Zhenhua Yan ^* Yufang Chen Yuqiong Yang Yixin Zhou Pengpeng Su Saiyu Yuan

• Hohai University, Nanjing, China

Silver nanoparticles (AgNPs) are ubiquitous in the aquatic environment and have attracted extensive attention to their toxic effects on aquatic species. However, responses of the nervous system to AgNPs are little known, especially co-existing with the ubiquitous natural organic matter (NOM), which is critical for the ability to act in aquatic species. Here, this study investigated the neurotoxicology of environmentally relevant AgNPs with or without bull serum albumin (BSA, a classical NOM) to zebrafish (Danio rerio) using visualized transgenic zebrafish. Exposure to AgNPs reduced the locomotor behavior of zebrafish by 28-45%, including swimming distance and velocity, exhibiting obvious behavioral inhibition. The visualized transgenic zebrafish treated with AgNPs showed developmental retardation in the early development of the heart, central nervous, and motor nerve, as well as the related neurodevelopment genes, which may be responsible for the lowered locomotor behavior. In addition, AgNPs can specifically interfere with the cholinergic system and affect neuronal signaling, ultimately leading to behavioral abnormalities.

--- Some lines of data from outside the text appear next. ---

Lemma DXP (D : set FT) : DX X D <-> [/\ D `<=` BX X, countable D &
  forall f, BX X f -> forall F e, finite_set F -> 0 < e ->
    exists2 d, D d & box f F e d].
Proof.
split=> -[DB cD denseD]; split=> //.
  move=> f mf F e finF e0; have := nbhs_box f F e finF e0.
  rewrite nbhsE => -[W [oW Wf] WFe].
  have [|d [Wd Dd]] := denseD W oW; first by exists f.
  by exists d => //; exact: WFe.
move=> W oW [f [Wf mf]].
have [F [e [finF e0 FeW]]] := nbhs_ptws_box f W (open_nbhs_nbhs (conj oW Wf)).
have [d Dd fd] := denseD f mf F e finF e0.
by exists d; split => //; exact: FeW.
Qed.

Lemma DX_range (D : set FT) : DX X D -> exists h : nat -> FT, D = range h.
Proof.
move=> [_ cD denseD]; have [|d [_ Dd]] := denseD setT openT.
  by exists (cst 0); split => //; exact: BX_cst.
move/pfcard_geP: cD => [D0|/surjfunPex [h ->]]; first by rewrite D0 in Dd.
by exists h.
Qed.

End dense_sets.

Lemma interleave_selections (T : Type) (I : countType) (s : nat -> set T)
    (E : I -> nat -> T) :
  (forall n, s n !=set0) -> (forall c j, s (pickle (c, j)) (E c j)) ->
  exists b : nat -> T, (forall n, s n (b n)) /\ forall c j, b (pickle (c, j)) = E c j.
Proof.
move=> /choice [z sz] sE.
exists (fun n => if (pickle_inv n : option (I * nat)) is Some cj then E cj.1 cj.2 else z n).
split=> [n|c j]; last by rewrite pickleK_inv.
have := @pickle_invK (I * nat)%type n.
by case: (pickle_inv n) => [[c j] /= <-|_]; [exact: sE | exact: sz].
Qed.

Section selection_principles.
Context {R : realType} {X : set R}.
Local Notation FT := {ptws pts X -> R}.

Lemma DX_neq0 (D : set FT) : DX X D -> D !=set0.
Proof. by move=> /DX_range [h ->]; exists (h 0%N), 0%N. Qed.

Definition close_set (h : FT) (r : R) (g : FT) : set (pts X) :=
  [set x | ball (h x) r (g x)].

Lemma BOmega_close_sets (D : set FT) h r : DX X D -> BX X h -> 0 < r ->
  (forall g, D g -> close_set h r g <> setT) -> BOmega X (close_set h r @` D).
Proof.
move=> DD mh r0 notT; have [DB cD denseD] := (DXP D).1 DD.
have cover F : finite_set F -> exists2 A, (close_set h r @` D) A & F `<=` A.
  by move=> finF; have [g Dg hg] := denseD h mh F r finF r0; exists (close_set h r g).
split; first split.
- apply/seteqP; split=> // x _; have [A DA Ax] := cover [set x] (finite_set1 x).
  by exists A => //; exact: Ax.
- by move=> [g Dg /notT].
- exact: cover.
- exact: card_le_trans (card_image_le _ _) cD.
- by move=> _ [g Dg <-]; apply: borelX_ball => //; exact: DB.
Qed.
Lemma zigzag_compat (S T : dense_coloured_order) (n m : nat) (p q : S * T) :
  In p (zigzag S T n) -> In q (zigzag S T m) ->
  (dco_lt (fst p) (fst q) <-> dco_lt (snd p) (snd q)) /\ dco_col (fst p) = dco_col (snd p).
Proof.
intros hp hq. apply (zigzag_partial_iso S T (Nat.max n m)).
- apply (zigzag_mono S T n); [lia|exact hp].
- apply (zigzag_mono S T m); [lia|exact hq].
Qed.

Lemma dco_eq_iff_of_lt_iff (S T : dense_coloured_order) (x x' : S) (y y' : T) :
  (dco_lt x x' <-> dco_lt y y') -> (dco_lt x' x <-> dco_lt y' y) -> (x = x' <-> y = y').
Proof.
intros h h'. split; intros <-.
- destruct (dco_lt_total T y y') as [l|[e|l]]; [|exact e|]; exfalso.
  + exact (dco_lt_irrefl S x (proj2 h l)).
  + exact (dco_lt_irrefl S x (proj2 h' l)).
- destruct (dco_lt_total S x x') as [l|[e|l]]; [|exact e|]; exfalso.
  + exact (dco_lt_irrefl T y (proj1 h l)).
  + exact (dco_lt_irrefl T y (proj1 h' l)).
Qed.

Lemma zigzag_eq_iff (S T : dense_coloured_order) (n m : nat) (a a' : S) (b b' : T) :
  In (a, b) (zigzag S T n) -> In (a', b') (zigzag S T m) -> (a = a' <-> b = b').
Proof.
intros h h'. apply dco_eq_iff_of_lt_iff;
  [exact (proj1 (zigzag_compat S T n m _ _ h h'))|exact (proj1 (zigzag_compat S T m n _ _ h' h))].
Qed.

Theorem dense_coloured_order_iso (S T : dense_coloured_order) :
  exists (f : S -> T) (g : T -> S),
    (forall a, g (f a) = a) /\ (forall b, f (g b) = b) /\
    (forall a1 a2, dco_lt a1 a2 <-> dco_lt (f a1) (f a2)) /\ (forall a, dco_col (f a) = dco_col a).
Proof.
set (f := fun a => epsilon (inhabits (dco_enum T 0)) (fun b => exists n, In (a, b) (zigzag S T n))).
set (g := fun b => epsilon (inhabits (dco_enum S 0)) (fun a => exists n, In (a, b) (zigzag S T n))).
assert (hf : forall a, exists n, In (a, f a) (zigzag S T n)).
{ intros a. apply epsilon_spec. destruct (zigzag_dom S T a) as [n [b h]]. exists b, n. exact h. }
assert (hg : forall b, exists n, In (g b, b) (zigzag S T n)).
{ intros b. apply epsilon_spec. destruct (zigzag_rng S T b) as [n [a h]]. exists a, n. exact h. }
exists f, g. split; [|split; [|split]].
- intros a. destruct (hf a) as [n hn]. destruct (hg (f a)) as [m hm].
  symmetry. apply (zigzag_eq_iff S T n m _ _ _ _ hn hm). reflexivity.
- intros b. destruct (hg b) as [n hn]. destruct (hf (g b)) as [m hm].
  symmetry. apply (zigzag_eq_iff S T n m _ _ _ _ hn hm). reflexivity.
- intros a1 a2. destruct (hf a1) as [n hn]. destruct (hf a2) as [m hm].
  exact (proj1 (zigzag_compat S T n m _ _ hn hm)).
- intros a. destruct (hf a) as [n hn]. exact (eq_sym (proj2 (zigzag_compat S T n n _ _ hn hn))).
Qed.
(* Let $d,a\in\mathbb{N}$ with $d,a\ge 1$, and let $G=(V,E)$ be a $d$-degenerate graph of maximum degree $\Delta=2da$ whose edges have distinct arrival times. Fix an ordering $v_1,\dots,v_n$ of $V$ in which each $v_i$ has at most $d$ neighbors among $v_1,\dots,v_{i-1}$. Run the following process: start with $E_1=\dots=E_a=\emptyset$; for $i=1,\dots,n$, process the front-edges at $v_i$ in increasing order of arrival time; when processing such an edge $e$, let $J(e)=\{j\in\{1,\dots,a\}: |E_j\cap \mathrm{Prev}(e,v_i)|\le 2d-1\}$, let $j'$ be the least index with $|E_{j'}\cap E(v_i)|\le 2d-1$, and add $e$ to $E_{j'}$. Then at every step: (i) such an index $j'$ exists, and adding $e$ to $E_{j'}$ keeps the maximum degree of $(V,E_{j'})$ at most $2d$ (so at the end $E_1,\dots,E_a$ partition $E$ with each $(V,E_j)$ of maximum degree at most $2d$); and (ii) $j'\in J(e)$ and $j'$ is among the $d+1$ smallest elements of $J(e)$, i.e. $|\{j\in J(e): j<j'\}|\le d$.
   Context: All graphs are simple. For the ordering $v_1,\dots,v_n$, an edge $(v_i,v_k)$ with $i<k$ is a front-edge at $v_i$ and a back-edge at $v_k$. $E(v)$ denotes the set of edges incident to $v$, and $\mathrm{Prev}(e,v)$ denotes the set of edges in $E(v)$ that arrive (strictly) before $e$. A graph is $d$-degenerate if its vertices can be ordered so that each vertex has at most $d$ neighbors earlier in the order. *)

From mathcomp Require Import all_boot.
Set Implicit Arguments. Unset Strict Implicit. Unset Printing Implicit Defensive.

(* A simple graph is a symmetric irreflexive relation [e] on a finite type [T]. The vertex ordering v_1..v_n
   is given by an injective position map [pos : T -> nat] (v_i before v_k iff
   pos v_i < pos v_k). Arrival times are [arr : {set T} -> nat], injective on
   edges. Edge classes E_1..E_a are indexed by 'I_a (E_j is state j, with
   index j : 'I_a standing for j+1). *)

Section Process.
Variables (T : finType) (e : rel T) (pos : T -> nat) (arr : {set T} -> nat)
          (d a : nat).

Definition isedge (f : {set T}) : bool :=
  [exists u, exists w, e u w && (f == [set u; w])].

Definition Eset : {set {set T}} := [set f | isedge f].

Definition Einc (v : T) : {set {set T}} := [set f | isedge f & v \in f].

Definition Prev (f : {set T}) (v : T) : {set {set T}} :=
  [set g in Einc v | arr g < arr f].

Definition frontedge (v : T) (f : {set T}) : bool :=
  [exists w, e v w && (pos v < pos w) && (f == [set v; w])].

Definition vorder : seq T := sort (fun x y => pos x <= pos y) (enum T).

Definition front (v : T) : seq {set T} :=
  sort (fun f g => arr f <= arr g) (enum [set f | frontedge v f]).

Definition proc : seq (T * {set T}) :=
  flatten [seq [seq (v, f) | f <- front v] | v <- vorder].

Definition state := {ffun 'I_a -> {set {set T}}}.

Definition S0 : state := [ffun => set0].

Definition admissible (S : state) (v : T) (j : 'I_a) : bool :=
  #|S j :&: Einc v| <= 2 * d - 1.

Definition least_idx (S : state) (v : T) : option 'I_a :=
  [pick j | admissible S v j & [forall k : 'I_a, admissible S v k ==> (j <= k)]].

Definition Jset (S : state) (f : {set T}) (v : T) : {set 'I_a} :=
  [set j : 'I_a | #|S j :&: Prev f v| <= 2 * d - 1].

Definition step (S : state) (p : T * {set T}) : state :=
  match least_idx S p.1 with
  | Some j => [ffun k => if k == j then p.2 |: S k else S k]
  | None => S
  end.

Definition run (s : seq (T * {set T})) : state := foldl step S0 s.

Definition maxdeg_le (F : {set {set T}}) (m : nat) : bool :=
  [forall v : T, #|[set f in F | v \in f]| <= m].

End Process.

From Pilot Require Import Defs.
From mathcomp Require Import all_boot zify.
Set Implicit Arguments. Unset Strict Implicit. Unset Printing Implicit Defensive.

(** The invariant of the process is that the classes E_j partition the edges
   handled so far and have maximum degree at most 2d.  When the front-edge f = v_i w arrives, every
   handled edge at a later vertex x is a back-edge at x (its front end precedes
   v_i), so x has at most d handled edges; in particular adding f keeps the
   degree of w at most d.  The edges handled at v_i are fewer than its at most
   2da incident edges (f is not handled yet), so by pigeonhole some class has at
   most 2d - 1 of them: j' exists, and adding f raises the degree of v_i in
   E_j' to at most 2d.  Finally, a class E_j with j < j' and j in J(f) has at
   least 2d edges at v_i, but at most 2d - 1 arriving before f; its remaining
   edges at v_i arrived after f, so they are back-edges at v_i, of which there
   are at most d, and the classes are disjoint. *)

Lemma card_bigcup_disjoint (I U : finType) (F : I -> {set U}) :
  (forall i j, i != j -> [disjoint F i & F j]) -> #|\bigcup_i F i| = \sum_i #|F i|.
Proof.
move=> disjF; rewrite -sum1_card partition_disjoint_bigcup //.
by apply: eq_bigr => i _; rewrite sum1_card.
Qed.

Lemma sum_card_disjoint_le (I U : finType) (P : pred I) (F : I -> {set U}) (B : {set U}) :
  (forall i j, i != j -> [disjoint F i & F j]) -> (forall i, P i -> F i \subset B) ->
  \sum_(i | P i) #|F i| <= #|B|.
Proof.
move=> disjF subFB; pose G i := if P i then F i else set0.
have -> : \sum_(i | P i) #|F i| = \sum_i #|G i|.
  by rewrite big_mkcond; apply: eq_bigr => i _; rewrite /G; case: (P i); rewrite ?cards0.
rewrite -card_bigcup_disjoint => [|i j ij]; last first.
  by rewrite /G; case: (P i); case: (P j); rewrite ?disjF // -setI_eq0 ?set0I ?setI0.
apply/subset_leq_card/bigcupsP => i _; rewrite /G.
by case: ifP => [/subFB | _]; rewrite ?sub0set.
Qed.

Lemma disjoint_setU1 (U : finType) x (A B : {set U}) :
  [disjoint x |: A & B] = (x \notin B) && [disjoint A & B].
Proof. by rewrite -disjointU1; apply: eq_disjoint => y; rewrite !inE. Qed.

Lemma pairwise_sort_key (X : eqType) (k : X -> nat) (s : seq X) : uniq s ->
  pairwise (fun x y => (k x <= k y) && (x != y)) (sort (fun x y => k x <= k y) s).
Proof.
move=> uniq_s; rewrite (pairwise_relI (fun x y => k x <= k y) (fun x y => x != y)).
rewrite -uniq_pairwise sort_uniq uniq_s andbT -sorted_pairwise.
  by apply: sort_sorted => x y; exact: leq_total.
by move=> y x z; exact: leq_trans.
Qed.

Section Process.
Variables (T : finType) (e : rel T) (pos : T -> nat) (arr : {set T} -> nat) (d a : nat).

Local Notation proc := (proc e pos arr).
Local Notation state := (state T a).
Local Notation frontedge := (frontedge e pos).
Local Notation Einc := (Einc e).
Local Notation Prev := (Prev e arr).
Local Notation admissible := (admissible e d).
Local Notation least_idx := (least_idx e d).
Local Notation Jset := (Jset e arr d).
Local Notation step := (step e d).

Lemma frontedge_mem v f x : frontedge v f -> x \in f ->
  x = v \/ [/\ e v x, pos v < pos x & f = [set v; x]].
Proof.
case/existsP => w /andP[/andP[e_vw lt_vw] /eqP->].
by rewrite !inE => /orP[/eqP-> | /eqP->]; [left | right].
Qed.

Lemma frontedge_edge v f : frontedge v f -> isedge e f.
Proof.
case/existsP => w /andP[/andP[e_vw _] f_vw].
by apply/existsP; exists v; apply/existsP; exists w; rewrite e_vw.
Qed.

Lemma frontedge_self v f : frontedge v f -> v \in f.
Proof. by case/existsP => w /andP[_ /eqP->]; rewrite !inE eqxx. Qed.

Lemma frontedge_inc v f : frontedge v f -> f \in Einc v.
Proof. by move=> fr_vf; rewrite inE (frontedge_edge fr_vf) frontedge_self. Qed.

Lemma mem_proc v f : (v, f) \in proc -> frontedge v f.
Proof.
by case/flatten_mapP => u _ /mapP[g]; rewrite mem_sort mem_enum inE => ? [-> ->].
Qed.

Definition precedes (p q : T * {set T}) : bool :=
  (pos p.1 < pos q.1) || [&& p.1 == q.1, arr p.2 <= arr q.2 & p.2 != q.2].

Definition processed (s : seq (T * {set T})) : {set {set T}} :=
  [set g | g \in [seq x.2 | x <- s]].

Lemma processedP s g : reflect (exists u, (u, g) \in s) (g \in processed s).
Proof.
rewrite inE; apply: (iffP mapP) => [[[u h] ug_s /= ->] | [u ug_s]]; first by exists u.
by exists (u, g).
Qed.

Lemma processed_rcons s x : processed (rcons s x) = x.2 |: processed s.
Proof. by apply/setP => g; rewrite !inE map_rcons mem_rcons in_cons. Qed.

Definition backedges (x : T) : {set {set T}} :=
  [set [set u; x] | u in [set u | e u x & pos u < pos x]].

Lemma Prev_sub f v : Prev f v \subset Einc v.
Proof. by apply/subsetP => g; rewrite inE => /andP[]. Qed.

Lemma least_idx_spec (S : state) v j : least_idx S v = Some j ->
  admissible S v j /\ forall k, admissible S v k -> j <= k.
Proof.
rewrite /Defs.least_idx; case: pickP => [i /andP[adm_i /forallP min_i] [<-] | _] //.
by split=> // k; exact: implyP (min_i k).
Qed.

Lemma least_idx_exists (S : state) v : (exists j, admissible S v j) ->
  exists j, least_idx S v = Some j.
Proof.
case=> j0 adm_j0; rewrite /Defs.least_idx; case: pickP => [j _ | none]; first by exists j.
have [j adm_j min_j] := arg_minnP (fun j : 'I_a => j : nat) adm_j0.
move: (none j); rewrite adm_j /= => /negbT/forallPn[k].
by rewrite negb_imply => /andP[/min_j ->].
Qed.

Lemma step_least (S : state) v f j k : least_idx S v = Some j ->
  step S (v, f) k = if k == j then f |: S k else S k.
Proof. by move=> least; rewrite /step /= least ffunE. Qed.

Record invariant (S : state) (s : seq (T * {set T})) : Prop := Invariant {
  inv_cover : \bigcup_(j : 'I_a) S j = processed s;
  inv_disjoint : forall i j : 'I_a, i != j -> [disjoint S i & S j];
  inv_maxdeg : forall j, maxdeg_le (S j) (2 * d) }.

Lemma inv_sub S s j : invariant S s -> S j \subset processed s.
Proof. by case=> <- _ _; exact: bigcup_sup. Qed.

Hypotheses (e_sym : symmetric e) (e_irr : irreflexive e).
Hypotheses (pos_inj : injective pos) (arr_inj : {in Eset e &, injective arr}).
Hypotheses (d_gt0 : 0 < d) (deg_le : forall v, #|[set u | e v u]| <= 2 * d * a).
Hypothesis few_back : forall x, #|[set u | e u x & pos u < pos x]| <= d.

(* [2 * d - 1] is truncated subtraction: these rewritings are where [0 < d] is needed. *)
Lemma admissible_lt_card (S : state) v j :
  admissible S v j = (#|S j :&: Einc v| < 2 * d).
Proof. by rewrite /admissible subn1 -ltnS prednK ?muln_gt0. Qed.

However, the co-existing BSA alleviated the neurotoxicity of AgNPs in zebrafish, which may partially be attributed to the increased size and electronegativity of AgNPs caused by BSA, thus reducing the direct interaction of AgNPs with cells. The interaction between BSA and the released Ag + from AgNPs may also be responsible for the alleviation of the neurodevelopment dysfunction in zebrafish. These findings provide valuable insights into the toxicity and risks of AgNPs in natural aquatic environments.